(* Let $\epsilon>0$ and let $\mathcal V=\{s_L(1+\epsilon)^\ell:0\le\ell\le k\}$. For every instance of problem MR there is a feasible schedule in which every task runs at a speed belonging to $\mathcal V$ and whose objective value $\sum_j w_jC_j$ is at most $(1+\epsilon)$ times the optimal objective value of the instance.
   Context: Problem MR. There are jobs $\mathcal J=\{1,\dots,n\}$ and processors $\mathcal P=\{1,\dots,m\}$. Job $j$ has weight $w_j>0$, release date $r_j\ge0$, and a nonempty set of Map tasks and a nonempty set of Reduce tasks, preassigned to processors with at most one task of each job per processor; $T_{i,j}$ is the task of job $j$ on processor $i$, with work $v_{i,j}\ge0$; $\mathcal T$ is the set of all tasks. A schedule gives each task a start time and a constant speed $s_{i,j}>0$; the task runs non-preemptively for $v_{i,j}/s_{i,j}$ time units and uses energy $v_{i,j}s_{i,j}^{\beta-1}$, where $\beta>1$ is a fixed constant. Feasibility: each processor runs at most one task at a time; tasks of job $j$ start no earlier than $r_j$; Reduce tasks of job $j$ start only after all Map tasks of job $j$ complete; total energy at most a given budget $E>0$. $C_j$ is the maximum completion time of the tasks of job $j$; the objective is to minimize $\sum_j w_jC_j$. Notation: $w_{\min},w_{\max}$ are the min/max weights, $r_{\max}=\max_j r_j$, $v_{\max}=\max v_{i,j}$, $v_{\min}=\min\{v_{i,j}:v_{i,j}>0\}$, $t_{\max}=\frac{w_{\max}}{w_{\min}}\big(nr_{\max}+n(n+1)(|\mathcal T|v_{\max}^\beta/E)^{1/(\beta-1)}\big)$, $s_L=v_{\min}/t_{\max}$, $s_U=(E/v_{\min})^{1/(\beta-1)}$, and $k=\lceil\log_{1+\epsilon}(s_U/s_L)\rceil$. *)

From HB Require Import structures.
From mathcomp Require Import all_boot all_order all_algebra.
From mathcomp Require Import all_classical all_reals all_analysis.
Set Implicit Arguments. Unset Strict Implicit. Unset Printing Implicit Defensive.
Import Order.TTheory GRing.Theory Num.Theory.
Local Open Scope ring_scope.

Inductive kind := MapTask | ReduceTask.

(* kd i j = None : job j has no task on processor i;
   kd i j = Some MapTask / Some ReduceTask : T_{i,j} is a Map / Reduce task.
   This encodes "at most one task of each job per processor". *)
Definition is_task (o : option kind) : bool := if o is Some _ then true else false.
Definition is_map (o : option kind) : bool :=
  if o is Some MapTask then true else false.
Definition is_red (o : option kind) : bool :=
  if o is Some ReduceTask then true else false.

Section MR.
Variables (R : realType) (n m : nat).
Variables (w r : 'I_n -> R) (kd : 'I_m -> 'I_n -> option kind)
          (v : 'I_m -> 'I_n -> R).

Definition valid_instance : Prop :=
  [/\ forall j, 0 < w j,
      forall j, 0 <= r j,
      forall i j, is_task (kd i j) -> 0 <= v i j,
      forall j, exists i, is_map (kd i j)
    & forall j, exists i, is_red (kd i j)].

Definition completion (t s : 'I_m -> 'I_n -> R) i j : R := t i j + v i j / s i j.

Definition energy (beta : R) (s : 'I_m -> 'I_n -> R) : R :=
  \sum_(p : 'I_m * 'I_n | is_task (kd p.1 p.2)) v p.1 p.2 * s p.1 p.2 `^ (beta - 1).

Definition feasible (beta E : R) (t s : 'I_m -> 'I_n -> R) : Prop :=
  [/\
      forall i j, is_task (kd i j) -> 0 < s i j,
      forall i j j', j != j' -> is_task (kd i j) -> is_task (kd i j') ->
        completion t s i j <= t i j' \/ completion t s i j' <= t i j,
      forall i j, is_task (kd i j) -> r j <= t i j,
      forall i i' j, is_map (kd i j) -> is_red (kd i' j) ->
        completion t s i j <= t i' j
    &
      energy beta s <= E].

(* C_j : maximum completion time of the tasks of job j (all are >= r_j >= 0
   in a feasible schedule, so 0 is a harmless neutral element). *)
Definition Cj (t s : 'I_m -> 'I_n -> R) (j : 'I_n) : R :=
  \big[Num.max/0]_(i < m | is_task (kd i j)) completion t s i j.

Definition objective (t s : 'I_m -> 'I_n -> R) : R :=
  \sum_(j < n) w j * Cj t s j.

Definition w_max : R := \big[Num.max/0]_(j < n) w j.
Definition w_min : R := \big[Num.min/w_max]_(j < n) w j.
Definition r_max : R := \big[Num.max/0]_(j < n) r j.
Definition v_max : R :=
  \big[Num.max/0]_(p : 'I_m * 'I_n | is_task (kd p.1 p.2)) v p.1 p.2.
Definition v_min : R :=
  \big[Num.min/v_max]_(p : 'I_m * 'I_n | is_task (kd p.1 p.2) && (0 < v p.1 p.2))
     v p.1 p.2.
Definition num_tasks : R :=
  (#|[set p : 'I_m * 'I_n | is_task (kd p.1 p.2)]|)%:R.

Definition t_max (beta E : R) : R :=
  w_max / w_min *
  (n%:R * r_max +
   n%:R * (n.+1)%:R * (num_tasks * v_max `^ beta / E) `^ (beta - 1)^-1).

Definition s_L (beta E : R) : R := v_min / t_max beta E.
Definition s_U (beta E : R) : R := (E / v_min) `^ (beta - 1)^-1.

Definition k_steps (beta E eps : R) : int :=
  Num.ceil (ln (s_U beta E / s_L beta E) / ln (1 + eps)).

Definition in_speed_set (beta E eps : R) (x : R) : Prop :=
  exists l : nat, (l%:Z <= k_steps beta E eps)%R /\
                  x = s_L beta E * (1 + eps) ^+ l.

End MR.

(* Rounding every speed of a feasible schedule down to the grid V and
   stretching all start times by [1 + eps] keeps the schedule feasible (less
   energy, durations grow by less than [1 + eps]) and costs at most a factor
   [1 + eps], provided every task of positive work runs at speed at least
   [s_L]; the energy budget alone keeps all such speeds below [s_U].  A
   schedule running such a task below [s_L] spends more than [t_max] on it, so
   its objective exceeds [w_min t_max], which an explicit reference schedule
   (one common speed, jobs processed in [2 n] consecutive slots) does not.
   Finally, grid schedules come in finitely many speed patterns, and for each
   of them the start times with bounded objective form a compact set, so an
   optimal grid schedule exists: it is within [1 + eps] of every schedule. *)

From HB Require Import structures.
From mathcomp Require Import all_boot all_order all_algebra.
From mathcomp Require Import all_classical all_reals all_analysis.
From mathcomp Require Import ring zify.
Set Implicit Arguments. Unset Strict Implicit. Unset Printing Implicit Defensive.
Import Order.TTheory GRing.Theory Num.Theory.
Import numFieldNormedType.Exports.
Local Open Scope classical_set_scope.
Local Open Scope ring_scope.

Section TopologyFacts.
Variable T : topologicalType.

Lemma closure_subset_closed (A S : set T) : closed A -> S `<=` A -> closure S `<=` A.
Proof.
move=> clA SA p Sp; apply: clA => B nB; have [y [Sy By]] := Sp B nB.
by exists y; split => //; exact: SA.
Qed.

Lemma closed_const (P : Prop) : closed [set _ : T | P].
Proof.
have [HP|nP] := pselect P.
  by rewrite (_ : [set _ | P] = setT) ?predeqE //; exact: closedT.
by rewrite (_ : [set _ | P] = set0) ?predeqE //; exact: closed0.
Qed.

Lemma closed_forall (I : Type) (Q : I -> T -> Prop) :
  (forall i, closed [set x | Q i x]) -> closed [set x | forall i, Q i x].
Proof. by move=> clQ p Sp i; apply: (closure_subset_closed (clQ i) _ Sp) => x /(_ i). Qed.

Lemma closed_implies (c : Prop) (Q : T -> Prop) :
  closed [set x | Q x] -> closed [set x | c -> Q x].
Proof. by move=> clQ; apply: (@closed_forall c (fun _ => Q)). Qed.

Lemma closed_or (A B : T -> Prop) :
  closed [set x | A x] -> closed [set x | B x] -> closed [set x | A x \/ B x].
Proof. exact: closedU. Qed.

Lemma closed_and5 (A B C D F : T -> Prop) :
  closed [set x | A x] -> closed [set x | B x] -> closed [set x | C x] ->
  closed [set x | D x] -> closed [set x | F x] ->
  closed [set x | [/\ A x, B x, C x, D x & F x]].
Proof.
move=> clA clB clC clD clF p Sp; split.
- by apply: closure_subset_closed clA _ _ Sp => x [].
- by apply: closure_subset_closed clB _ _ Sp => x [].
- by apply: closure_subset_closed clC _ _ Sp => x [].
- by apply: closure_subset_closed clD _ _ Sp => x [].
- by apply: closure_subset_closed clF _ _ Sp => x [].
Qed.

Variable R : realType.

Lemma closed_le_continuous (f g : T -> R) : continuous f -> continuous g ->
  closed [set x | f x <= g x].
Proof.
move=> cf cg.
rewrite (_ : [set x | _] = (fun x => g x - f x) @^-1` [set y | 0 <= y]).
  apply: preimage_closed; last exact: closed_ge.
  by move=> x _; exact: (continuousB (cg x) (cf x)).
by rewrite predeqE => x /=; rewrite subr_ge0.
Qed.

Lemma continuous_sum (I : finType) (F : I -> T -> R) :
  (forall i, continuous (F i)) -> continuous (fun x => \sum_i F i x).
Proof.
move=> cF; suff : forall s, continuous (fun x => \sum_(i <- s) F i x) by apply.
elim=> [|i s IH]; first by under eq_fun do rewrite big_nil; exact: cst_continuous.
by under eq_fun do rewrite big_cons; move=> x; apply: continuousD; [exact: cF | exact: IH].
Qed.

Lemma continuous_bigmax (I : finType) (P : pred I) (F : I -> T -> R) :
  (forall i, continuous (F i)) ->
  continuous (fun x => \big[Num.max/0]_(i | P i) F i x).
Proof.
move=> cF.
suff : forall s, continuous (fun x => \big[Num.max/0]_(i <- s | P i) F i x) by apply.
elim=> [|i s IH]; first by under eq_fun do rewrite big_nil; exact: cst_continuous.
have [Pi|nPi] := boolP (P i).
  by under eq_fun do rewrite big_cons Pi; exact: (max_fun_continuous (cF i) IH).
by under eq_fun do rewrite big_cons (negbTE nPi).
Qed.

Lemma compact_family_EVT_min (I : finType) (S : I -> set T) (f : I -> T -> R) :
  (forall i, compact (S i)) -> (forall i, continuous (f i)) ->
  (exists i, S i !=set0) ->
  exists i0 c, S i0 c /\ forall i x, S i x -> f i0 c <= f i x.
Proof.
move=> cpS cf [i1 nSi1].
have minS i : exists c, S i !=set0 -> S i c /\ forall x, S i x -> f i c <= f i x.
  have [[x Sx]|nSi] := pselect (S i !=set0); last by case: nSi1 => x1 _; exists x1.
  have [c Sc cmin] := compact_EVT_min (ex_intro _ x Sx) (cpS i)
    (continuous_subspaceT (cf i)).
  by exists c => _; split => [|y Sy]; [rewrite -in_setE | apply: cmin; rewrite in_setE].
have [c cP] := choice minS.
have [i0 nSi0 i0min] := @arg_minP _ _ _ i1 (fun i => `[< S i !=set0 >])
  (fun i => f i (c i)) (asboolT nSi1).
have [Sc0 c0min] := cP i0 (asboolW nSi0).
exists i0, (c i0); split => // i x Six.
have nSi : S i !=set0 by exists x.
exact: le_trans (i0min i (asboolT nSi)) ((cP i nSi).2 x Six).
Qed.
+++
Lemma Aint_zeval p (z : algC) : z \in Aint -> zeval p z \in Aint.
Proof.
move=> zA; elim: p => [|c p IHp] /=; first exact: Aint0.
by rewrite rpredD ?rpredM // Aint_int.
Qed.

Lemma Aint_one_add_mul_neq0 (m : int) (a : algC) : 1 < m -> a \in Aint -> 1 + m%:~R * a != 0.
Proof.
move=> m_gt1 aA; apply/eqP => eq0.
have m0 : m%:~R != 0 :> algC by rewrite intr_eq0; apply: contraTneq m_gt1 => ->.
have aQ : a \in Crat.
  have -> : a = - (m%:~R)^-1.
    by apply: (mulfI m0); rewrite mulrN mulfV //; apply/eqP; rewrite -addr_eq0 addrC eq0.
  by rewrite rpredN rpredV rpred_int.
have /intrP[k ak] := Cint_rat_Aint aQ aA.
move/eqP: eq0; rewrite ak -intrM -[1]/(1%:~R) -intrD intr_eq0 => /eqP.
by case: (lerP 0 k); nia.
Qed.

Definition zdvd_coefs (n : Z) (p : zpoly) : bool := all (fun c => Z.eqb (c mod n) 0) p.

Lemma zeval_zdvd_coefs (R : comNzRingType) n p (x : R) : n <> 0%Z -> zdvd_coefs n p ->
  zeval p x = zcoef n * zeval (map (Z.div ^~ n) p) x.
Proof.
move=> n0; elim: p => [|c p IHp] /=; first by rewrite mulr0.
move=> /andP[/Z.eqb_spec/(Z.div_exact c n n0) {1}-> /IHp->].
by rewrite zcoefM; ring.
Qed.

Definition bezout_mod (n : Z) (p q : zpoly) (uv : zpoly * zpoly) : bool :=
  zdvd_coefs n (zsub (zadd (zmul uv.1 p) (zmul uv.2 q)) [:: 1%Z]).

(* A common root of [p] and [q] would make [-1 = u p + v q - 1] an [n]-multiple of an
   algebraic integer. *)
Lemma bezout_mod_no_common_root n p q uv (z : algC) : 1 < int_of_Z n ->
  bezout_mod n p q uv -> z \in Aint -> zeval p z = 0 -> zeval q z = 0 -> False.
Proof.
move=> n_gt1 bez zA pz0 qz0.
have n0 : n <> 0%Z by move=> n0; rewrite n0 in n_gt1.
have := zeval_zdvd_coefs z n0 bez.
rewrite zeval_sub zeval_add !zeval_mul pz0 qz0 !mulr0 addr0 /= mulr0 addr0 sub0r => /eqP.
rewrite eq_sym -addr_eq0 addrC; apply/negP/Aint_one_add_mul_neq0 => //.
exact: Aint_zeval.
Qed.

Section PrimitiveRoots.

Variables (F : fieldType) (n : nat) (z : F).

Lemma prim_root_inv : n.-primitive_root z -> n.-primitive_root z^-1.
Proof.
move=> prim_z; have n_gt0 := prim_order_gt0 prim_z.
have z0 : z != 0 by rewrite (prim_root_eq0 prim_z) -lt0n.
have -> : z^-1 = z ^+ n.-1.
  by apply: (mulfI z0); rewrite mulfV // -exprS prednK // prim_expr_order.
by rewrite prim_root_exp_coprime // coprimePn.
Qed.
+++
Working through the entries above, copy every line in which "minS" is found.

have minS i : exists c, S i !=set0 -> S i c /\ forall x, S i x -> f i c <= f i x.
have [c cP] := choice minS.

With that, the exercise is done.